Start of Block
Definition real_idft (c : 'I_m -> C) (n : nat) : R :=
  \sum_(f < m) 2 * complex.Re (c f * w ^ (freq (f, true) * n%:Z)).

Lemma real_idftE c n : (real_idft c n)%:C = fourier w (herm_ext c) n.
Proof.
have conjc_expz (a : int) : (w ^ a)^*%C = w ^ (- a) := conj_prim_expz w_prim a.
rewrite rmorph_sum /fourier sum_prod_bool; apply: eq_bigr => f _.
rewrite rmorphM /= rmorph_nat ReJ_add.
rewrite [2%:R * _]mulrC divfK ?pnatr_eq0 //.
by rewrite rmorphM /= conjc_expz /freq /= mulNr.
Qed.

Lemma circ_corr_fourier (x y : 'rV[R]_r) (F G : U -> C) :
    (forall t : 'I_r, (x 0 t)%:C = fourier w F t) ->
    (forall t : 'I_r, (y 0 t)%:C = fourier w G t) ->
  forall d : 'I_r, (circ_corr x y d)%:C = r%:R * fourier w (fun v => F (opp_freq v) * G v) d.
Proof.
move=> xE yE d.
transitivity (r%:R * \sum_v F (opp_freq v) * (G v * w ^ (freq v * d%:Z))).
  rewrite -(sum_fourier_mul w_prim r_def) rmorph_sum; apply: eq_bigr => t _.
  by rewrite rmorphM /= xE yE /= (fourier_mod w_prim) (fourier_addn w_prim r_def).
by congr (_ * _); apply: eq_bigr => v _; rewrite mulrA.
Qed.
End of Block
Start of Block
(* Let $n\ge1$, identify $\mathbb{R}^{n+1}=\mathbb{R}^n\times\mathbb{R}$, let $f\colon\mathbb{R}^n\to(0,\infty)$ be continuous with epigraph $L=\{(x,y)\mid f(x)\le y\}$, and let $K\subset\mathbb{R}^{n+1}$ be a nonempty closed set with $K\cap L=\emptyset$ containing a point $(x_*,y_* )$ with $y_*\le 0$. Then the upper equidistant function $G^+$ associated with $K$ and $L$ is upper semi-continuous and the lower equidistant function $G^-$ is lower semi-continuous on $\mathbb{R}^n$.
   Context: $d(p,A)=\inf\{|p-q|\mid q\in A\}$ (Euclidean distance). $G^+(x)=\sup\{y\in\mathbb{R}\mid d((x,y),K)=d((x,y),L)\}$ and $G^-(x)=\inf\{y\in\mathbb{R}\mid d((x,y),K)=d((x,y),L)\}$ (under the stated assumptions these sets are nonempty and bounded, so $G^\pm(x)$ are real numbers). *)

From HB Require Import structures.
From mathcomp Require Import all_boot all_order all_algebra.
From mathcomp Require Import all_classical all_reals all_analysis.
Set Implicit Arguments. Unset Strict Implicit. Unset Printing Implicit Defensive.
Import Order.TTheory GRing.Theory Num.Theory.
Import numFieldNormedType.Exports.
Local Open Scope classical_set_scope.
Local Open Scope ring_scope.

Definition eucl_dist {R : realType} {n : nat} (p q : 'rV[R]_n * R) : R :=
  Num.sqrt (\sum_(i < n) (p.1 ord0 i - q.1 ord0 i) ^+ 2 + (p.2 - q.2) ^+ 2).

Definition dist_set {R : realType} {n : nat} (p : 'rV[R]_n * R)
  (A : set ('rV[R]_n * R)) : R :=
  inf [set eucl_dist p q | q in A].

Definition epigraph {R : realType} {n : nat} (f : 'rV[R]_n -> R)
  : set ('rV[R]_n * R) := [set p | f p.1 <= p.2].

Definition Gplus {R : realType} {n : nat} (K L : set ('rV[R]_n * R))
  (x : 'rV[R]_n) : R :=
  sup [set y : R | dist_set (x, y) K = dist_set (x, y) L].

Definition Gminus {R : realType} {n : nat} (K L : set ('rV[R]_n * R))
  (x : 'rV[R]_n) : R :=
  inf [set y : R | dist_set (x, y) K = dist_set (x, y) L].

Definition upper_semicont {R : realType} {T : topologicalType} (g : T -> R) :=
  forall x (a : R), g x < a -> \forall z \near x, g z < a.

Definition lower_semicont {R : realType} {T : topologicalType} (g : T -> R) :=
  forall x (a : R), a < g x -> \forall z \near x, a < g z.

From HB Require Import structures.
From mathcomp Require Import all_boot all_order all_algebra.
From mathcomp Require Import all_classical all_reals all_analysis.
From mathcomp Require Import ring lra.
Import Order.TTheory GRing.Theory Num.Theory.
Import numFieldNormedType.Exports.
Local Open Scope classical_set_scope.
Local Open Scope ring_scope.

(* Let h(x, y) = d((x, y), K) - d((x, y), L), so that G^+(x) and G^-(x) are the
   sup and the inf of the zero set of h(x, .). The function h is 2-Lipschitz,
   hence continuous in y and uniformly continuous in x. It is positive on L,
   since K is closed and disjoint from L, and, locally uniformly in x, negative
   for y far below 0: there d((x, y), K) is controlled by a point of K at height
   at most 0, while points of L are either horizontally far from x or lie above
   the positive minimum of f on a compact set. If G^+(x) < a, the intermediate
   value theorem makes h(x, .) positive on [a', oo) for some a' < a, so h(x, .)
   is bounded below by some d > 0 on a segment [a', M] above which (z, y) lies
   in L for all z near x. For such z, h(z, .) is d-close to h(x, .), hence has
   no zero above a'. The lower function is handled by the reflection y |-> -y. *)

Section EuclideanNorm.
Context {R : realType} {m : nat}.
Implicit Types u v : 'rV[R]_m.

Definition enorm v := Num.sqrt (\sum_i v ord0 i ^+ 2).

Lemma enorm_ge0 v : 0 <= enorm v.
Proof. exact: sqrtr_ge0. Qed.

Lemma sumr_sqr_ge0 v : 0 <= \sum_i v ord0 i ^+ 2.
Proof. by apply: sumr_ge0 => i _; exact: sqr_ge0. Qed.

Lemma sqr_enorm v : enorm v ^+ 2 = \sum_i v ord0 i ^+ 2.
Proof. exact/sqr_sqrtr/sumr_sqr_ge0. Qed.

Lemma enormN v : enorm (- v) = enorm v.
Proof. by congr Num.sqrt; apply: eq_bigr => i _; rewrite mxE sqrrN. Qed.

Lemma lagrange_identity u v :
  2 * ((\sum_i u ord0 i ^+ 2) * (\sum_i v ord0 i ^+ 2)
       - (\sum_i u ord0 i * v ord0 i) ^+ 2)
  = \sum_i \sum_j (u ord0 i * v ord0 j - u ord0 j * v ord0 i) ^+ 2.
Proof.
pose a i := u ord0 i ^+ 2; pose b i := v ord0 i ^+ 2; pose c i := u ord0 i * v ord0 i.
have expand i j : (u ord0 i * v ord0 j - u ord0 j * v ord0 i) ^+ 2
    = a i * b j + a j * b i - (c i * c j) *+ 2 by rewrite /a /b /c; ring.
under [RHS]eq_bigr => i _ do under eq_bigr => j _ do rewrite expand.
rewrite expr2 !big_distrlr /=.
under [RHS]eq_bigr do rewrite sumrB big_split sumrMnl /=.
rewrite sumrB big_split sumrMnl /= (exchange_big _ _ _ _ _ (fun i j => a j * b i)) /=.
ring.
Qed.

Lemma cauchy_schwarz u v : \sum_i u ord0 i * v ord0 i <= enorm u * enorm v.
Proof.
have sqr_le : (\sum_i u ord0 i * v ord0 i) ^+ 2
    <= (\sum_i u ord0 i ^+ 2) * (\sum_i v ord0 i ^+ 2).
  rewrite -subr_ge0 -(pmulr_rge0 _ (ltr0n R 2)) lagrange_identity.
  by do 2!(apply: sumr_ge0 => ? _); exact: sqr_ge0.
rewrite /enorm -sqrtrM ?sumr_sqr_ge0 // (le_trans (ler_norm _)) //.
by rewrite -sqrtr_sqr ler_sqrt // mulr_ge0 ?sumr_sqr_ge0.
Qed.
End of Block
● **DIRECTIONS FOR THIS TASK**:
Show every line of the listing in which the string "have" can be found.

● **ANSWER TO THE PROBLEM**:
have conjc_expz (a : int) : (w ^ a)^*%C = w ^ (- a) := conj_prim_expz w_prim a.
have expand i j : (u ord0 i * v ord0 j - u ord0 j * v ord0 i) ^+ 2
have sqr_le : (\sum_i u ord0 i * v ord0 i) ^+ 2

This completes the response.